Выбрать главу
Прошли село, увидели В зеленой раме зеркало: С краями полный пруд. Над прудом реют ласточки; Какие-то комарики, Проворные и тощие, Вприпрыжку, словно по́ суху, Гуляют по воде. ........ На длинном, шатком плотике С вальком поповна толстая Стоит, как стог подщипанный, Подтыкавши подол. На этом же на плотике Спит уточка с утятами... Чу! лошадиный храп! Крестьяне разом глянули И над водой увидели Две головы: мужицкую, Курчавую и смуглую, С серьгой (мигало солнышко На белой той серьге), Другую — лошадиную С веревкой сажен в пять. (III, 178-179)

Чудесная эта подробность (указанная в скобках, мимоходом) о солнце, мигавшем на белой серьге, раскрывает лирический подтекст всей картины. Подтекст этот становится еще более явственным в дальнейших стихах:

Мужик берет веревку в рот, Мужик плывет — и конь плывет, Мужик заржал — и конь заржал. Плывут, орут! Под бабою, Под малыми утятами Плот ходит ходенем. Догнал коня — за холку хвать! Вскочил и на луг выехал Детина: тело белое, А шея как смола; Вода ручьями катится С коня и с седока. (III, 179)

Лирический подтекст всех этих образов — любование близким и родным; поэт в полной гармонии с ними, они вызывают в нем чувство, которое именовалось тогда умилением («души коснулось умиление»). Умиление это не имеет оттенка слезливости. Напротив, в нем улыбка и радость:

...навстречу как раз Синеющей лентой, извилистой, длинной, Река луговая: спрыгнули гурьбой, И русых головок над речкой пустынной Что белых грибов на полянке лесной! (II, 111)

Пейзаж, как всегда у Некрасова, дан в сочетании с людьми. Здесь такие обобщенные картины всякого деревенского пруда, всякой речки, что стоит только в жаркую летнюю пору очутиться на их берегах, и сами собой вспоминаются эти зарисовки Некрасова.

Даже в стихотворении «Рыцарь на час», единственной темой которого, казалось бы, являются мучительные упреки героя поэмы себе самому за недостаточно самоотверженное служение революционному делу, и там эта лирическая тема находит свое воплощение в великолепно изображенном пейзаже — в подробном описании той осенней поляны (в нескольких верстах от столицы), по которой он шагает в бессонную ночь.

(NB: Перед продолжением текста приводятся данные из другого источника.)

Lemma disjoint_ge0_eq0 a b : lzero ≼ a -> lzero ≼ b -> lmeet a b = lzero -> a = lzero \/ b = lzero.
Proof.
  intros Ha Hb Hab. destruct Hu as [Hu0 [_ Hub]].
  assert (Hcut : forall c, lzero ≼ c -> lmeet c u = lzero -> c = lzero).
  { intros c Hc Hcu. destruct (Hub c) as [n Hn]. exact (disjoint_le_nmul_eq0 c u n Hc Hu0 Hcu Hn). }
  set (a' := lmeet a u). set (b' := lmeet b u).
  assert (Ha' : lzero ≼ a') by (apply lmeet_ge0; assumption).
  assert (Hb' : lzero ≼ b') by (apply lmeet_ge0; assumption).
  assert (Hab' : lmeet a' b' = lzero).
  { apply lle_anti; [rewrite <- Hab | apply lmeet_ge0; assumption].
    apply lmeet_glb; [apply (lle_trans (lmeet_l _ _)), lmeet_l | apply (lle_trans (lmeet_r _ _)), lmeet_l]. }
  destruct (classic (a' = lzero)) as [E|E]; [left; apply Hcut; assumption|].
  destruct (classic (b' = lzero)) as [F|F]; [right; apply Hcut; assumption|].
  exfalso. apply E. destruct (Hstrong b' Hb' (lmeet_r _ _) F a') as [n Hn].
  exact (disjoint_le_nmul_eq0 a' b' n Ha' Hb' Hab' Hn).
Qed.

Lemma lle_total x y : x ≼ y \/ y ≼ x.
Proof. apply total_of_disjoint, disjoint_ge0_eq0. Qed.

Lemma llt0_strong_unit d : llt lzero d -> forall g, exists n, g ≼ lnmul n d.
Proof.
  intros [Hd Hd0] g. destruct (lle_total d u) as [H|H]; [apply Hstrong; auto|].
  destruct (proj2 (proj2 Hu) g) as [n Hn]. exists n. exact (lle_trans Hn (lnmul_le n _ _ H)).
Qed.

Lemma Gideal_proper_eq0 (J : Gam u -> Prop) (x : Gam u) :
  Gideal J -> (exists z : Gam u, ~ J z) -> J x -> proj1_sig x = lzero.
Proof.
  intros HJ [z Jz] Jx. apply NNPP. intro Hx. apply Jz.
  destruct (Hstrong _ (proj1 (proj2_sig x)) (proj2 (proj2_sig x)) Hx u) as [n Hn].
  assert (E : Gnmul (proj1 Hu) n x = Gam1 (proj1 Hu)).
  { apply Gam_eq. rewrite Gnmul_val. simpl. rewrite lmeetC. apply lmeet_idl, Hn. }
  apply (proj1 (proj2 HJ) z (Gnmul (proj1 Hu) n x)); [apply Gideal_Gnmul; assumption|].
  rewrite E. exact (proj2 (proj2_sig z)).
Qed.

End StrongUnitInterval.

(** * Riesz spaces *)

Section RieszTheory.
Context {V : riesz}.
Implicit Types a b c d v w e : V.

Lemma radd0r v : radd v rzero = v.
Proof. rewrite raddC; apply radd0. Qed.

Lemma raddNr v : radd v (ropp v) = rzero.
Proof. rewrite raddC; apply raddN. Qed.

Lemma radd_cancel_l a v w : radd a v = radd a w -> v = w.
Proof. intro H. rewrite <- (radd0 v), <- (radd0 w), <- (raddN a), <- !raddA, H. reflexivity. Qed.

Lemma raddCA a b c : radd a (radd b c) = radd b (radd a c).
Proof. rewrite !raddA, (raddC a b). reflexivity. Qed.

Lemma rle_add2 a b c d : rle a b -> rle c d -> rle (radd a c) (radd b d).
Proof. intros H1 H2. apply (rle_trans (rle_add c H1)). rewrite !(raddC b). apply rle_add, H2. Qed.

Lemma rle_addr_ge0 a v : rle rzero a -> rle v (radd v a).
Proof. intro H. rewrite <- (radd0r v) at 1. apply rle_add2; [apply rle_refl | exact H]. Qed.

Lemma roppK v : ropp (ropp v) = v.
Proof. apply (radd_cancel_l (ropp v)). rewrite raddNr, raddN. reflexivity. Qed.

Lemma rle_opp v w : rle v w -> rle (ropp w) (ropp v).
Proof.
  intro H. pose proof (rle_add (radd (ropp v) (ropp w)) H) as K.
  rewrite raddA, raddNr, radd0, raddCA, raddNr, radd0r in K. exact K.
Qed.

Lemma rscal0l v : rscal 0 v = rzero.
Proof. apply (radd_cancel_l (rscal 0 v)). rewrite <- rscalDl, Rplus_0_r, radd0r. reflexivity. Qed.

Lemma rscal0r (k : R) : rscal k (@rzero V) = rzero.
Proof. apply (radd_cancel_l (rscal k rzero)). rewrite <- rscalDr, !radd0r. reflexivity. Qed.

Lemma rscalN (k : R) v : rscal (- k) v = ropp (rscal k v).
Proof.
  apply (radd_cancel_l (rscal k v)). rewrite <- rscalDl, raddNr, Rplus_opp_r. apply rscal0l.
Qed.

Lemma rscal_opp (k : R) v : rscal k (ropp v) = ropp (rscal k v).
Proof. apply (radd_cancel_l (rscal k v)). rewrite <- rscalDr, !raddNr. apply rscal0r. Qed.

Lemma rnmul_scal n v : rnmul n v = rscal (INR n) v.
Proof.
  induction n as [|n IH]; simpl rnmul; [rewrite rscal0l; reflexivity|].
  rewrite IH, S_INR, Rplus_comm, rscalDl, rscal1. reflexivity.
Qed.

Lemma rscal_ge0 (k : R) v : (0 <= k)%R -> rle rzero v -> rle rzero (rscal k v).
Proof. intros Hk Hv. rewrite <- (rscal0r k). apply rle_scal; assumption. Qed.

Lemma rscal_le (k l : R) v : rle rzero v -> (k <= l)%R -> rle (rscal k v) (rscal l v).
Proof.
  intros Hv H. replace l with (k + (l - k))%R by ring. rewrite rscalDl.
  apply rle_addr_ge0, rscal_ge0; [lra | exact Hv].
Qed.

Это изображение всеми своими штрихами и красками начисто опровергает измышления критиков об отсутствии образности в стихотворениях Некрасова:

Даль глубоко прозрачна, чиста, Месяц полный плывет над дубровой, И господствуют в небе цвета Голубой, беловатый, лиловый. Воды ярко блестят средь полей, А земля прихотливо одета В волны белого лунного света И узорчатых, странных теней. От больших очертаний картины До тончайших сетей паутины, Что как иней к земле прилегли, — Все отчетливо видно: далече Протянулися полосы гречи, Красной лентой по скату прошли; Замыкающий сонные нивы, Лес сквозит, весь усыпан листвой; Чудны красок его переливы Под играющей, ясной луной; Дуб ли пасмурный, клен ли веселый — В нем легко отличишь издали; Грудью к северу, ворон тяжелый — Видишь — дремлет на старой ели! Всё, чем может порадовать сына Поздней осенью родина-мать: Зеленеющей озими гладь, Подо льном — золотая долина, Посреди освещенных лугов Величавое войско стогов, — Все доступно довольному взору... (II, 93)

Замечательная словесная живопись, вся проникнутая лирической нежностью. Мало сказать, что Некрасов любуется здесь образами, которые встают перед ним, он радостно и благодарно приветствует их — и зеленую озимь, и золото льна, и красные полосы гречи, и черные узорчатые тени, и белое сияние луны, с художнической жадностью ловит он каждую краску, каждую мельчайшую деталь раскрывшегося перед ним бытия, и даже чуть видную птицу, уснувшую на дальней ели, даже тонкие паутинные нити, лежащие на мерзлой земле.

Каждый реалистический образ всегда является утверждением жизни, каждый порожден жизнелюбием, все они в своей совокупности повышают интерес человека к себе самому и ко всему окружающему. С ненасытным вниманием подмечает поэт, что осенью дубы представляются пасмурными, а клены веселыми, что вороны сидят «грудью к северу», что паутина в эту пору похожа на иней, что лунное сияние ходит по открытому полю волнами и т. д. и т. д.